The chunk allocator currently traps low-level usage of the OS allocation functions behind an interface without enough knobs on Windows. We would be far better served by just hyper-optimizing the 3 relevant allocators directly. In windows this would allow us to use MEM_RESERVE in the first 2 allocation passes and only use MEM_COMMIT in the last allocation where we get our final 1MiB chunk. This should be somewhat faster and might serve to alleviate some of the thread contention that is there currently.
We can do the same thing in jemalloc (the chunk allocation code is the same in both js and jemalloc).

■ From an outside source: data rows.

(* Let $(p_m)$ and $(q_n)$ belong to $SVA_{reg(\alpha)}$ (for some $\alpha\ge0$), and let $(u_{mn})$ be a double sequence of complex numbers that is $(\overline{N},p,q)$ summable to a number $\ell$. If $(u_{mn})$ is slowly oscillating relative to $(P_m)$, slowly oscillating relative to $(Q_n)$, and slowly oscillating relative to $(P_m)$ or relative to $(Q_n)$ in the strong sense, then $(u_{mn})$ is $P$-convergent to $\ell$.
   Context: Weights: $(p_m)_{m\ge0},(q_n)_{n\ge0}$ are sequences of positive reals with $P_m=\sum_{i=0}^m p_i\to\infty$ and $Q_n=\sum_{j=0}^n q_j\to\infty$. $SVA_{reg(\alpha)}$ denotes the set of positive sequences $(p_m)$ whose partial sums have the form $P_m=(m+1)^{\alpha}L(m)$ ($m\ge0$) with a constant $\alpha\ge0$ and a slowly varying function $L$ on $(0,\infty)$, i.e. $L$ positive, measurable, and $L(\lambda t)/L(t)\to1$ as $t\to\infty$ for every $\lambda>0$. The weighted means are $\sigma_{mn}=\frac{1}{P_mQ_n}\sum_{i=0}^m\sum_{j=0}^n p_iq_ju_{ij}$; $(u_{mn})$ is $(\overline{N},p,q)$ summable to $\ell$ if $(\sigma_{mn})$ is $P$-convergent to $\ell$. A double sequence $(a_{mn})$ is $P$-convergent to $\ell$ if for every $\epsilon>0$ there is $n_0$ with $|a_{mn}-\ell|<\epsilon$ whenever $m,n\ge n_0$. For a real double array $(a_{mn})$, $\limsup_{m,n\to\infty}a_{mn}=\lim_{N\to\infty}\sup_{m,n\ge N}a_{mn}$. In the maxima below, $i,j$ range over nonnegative integers satisfying the constraints. A complex double sequence $(u_{mn})$ is: - slowly oscillating relative to $(P_m)$ if $\lim_{\lambda\to1^+}\limsup_{m,n\to\infty}\max_{P_m\le P_i\le\lambda P_m}|u_{in}-u_{mn}|=0$; - slowly oscillating relative to $(Q_n)$ if $\lim_{\kappa\to1^+}\limsup_{m,n\to\infty}\max_{Q_n\le Q_j\le\kappa Q_n}|u_{mj}-u_{mn}|=0$; - slowly oscillating relative to $(P_m)$ in the strong sense if $\lim_{\lambda,\kappa\to1^+}\limsup_{m,n\to\infty}\max_{P_m\le P_i\le\lambda P_m,\ Q_n\le Q_j\le\kappa Q_n}|u_{ij}-u_{mj}|=0$; - slowly oscillating relative to $(Q_n)$ in the strong sense if $\lim_{\lambda,\kappa\to1^+}\limsup_{m,n\to\infty}\max_{P_m\le P_i\le\lambda P_m,\ Q_n\le Q_j\le\kappa Q_n}|u_{ij}-u_{in}|=0$. *)

From HB Require Import structures.
From mathcomp Require Import all_boot all_order all_algebra.
From mathcomp Require Import all_classical all_reals all_analysis.
From mathcomp Require Import complex.
Set Implicit Arguments. Unset Strict Implicit. Unset Printing Implicit Defensive.
Import Order.TTheory GRing.Theory Num.Theory.
Import numFieldNormedType.Exports.
Local Open Scope classical_set_scope.
Local Open Scope ring_scope.


Section Defs.
Variable R : realType.

Definition cabs (z : R[i]) : R := ComplexField.Normc.normc z.

Definition psum (p : nat -> R) (m : nat) : R := \sum_(i < m.+1) p i.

(In reply to Justin Lebar [:jlebar] from comment #1) > We can do the same thing in jemalloc (the chunk allocation code is the same > in both js and jemalloc). There are two complications related to the race here. The first is that this will race with any allocation in the system using the same path, even if it's behind the jemalloc spinlock (which we don't take anymore for performance reasons). The second is that jemalloc only uses this path for large (>1MiB) allocations that are aligned, and aligned on a > chunk size boundary. So we should, in practice, not be contending much, even with multiple threads doing normal malloc's like crazy in the background. Thus: while gross, this isn't really a problem for the JS engine, so much as it is for jemalloc, but only in rare cases (which is probably why it has not seen much love). What we have is clearly suboptimal, but it appears to mostly work okay for the moment. I think we should leave this alone for now, unless we have some specific test case or workload where this is killing us.
I'm not sure I follow, but are you saying that we rarely hit the case where we allocate 2mb and then re-allocate 1mb within it? This should be easy to test, no?
...I have no idea how much less expensive a MEM_RESERVE is than a MEM_COMMIT. If the difference is small, then there's not much room for improvement here.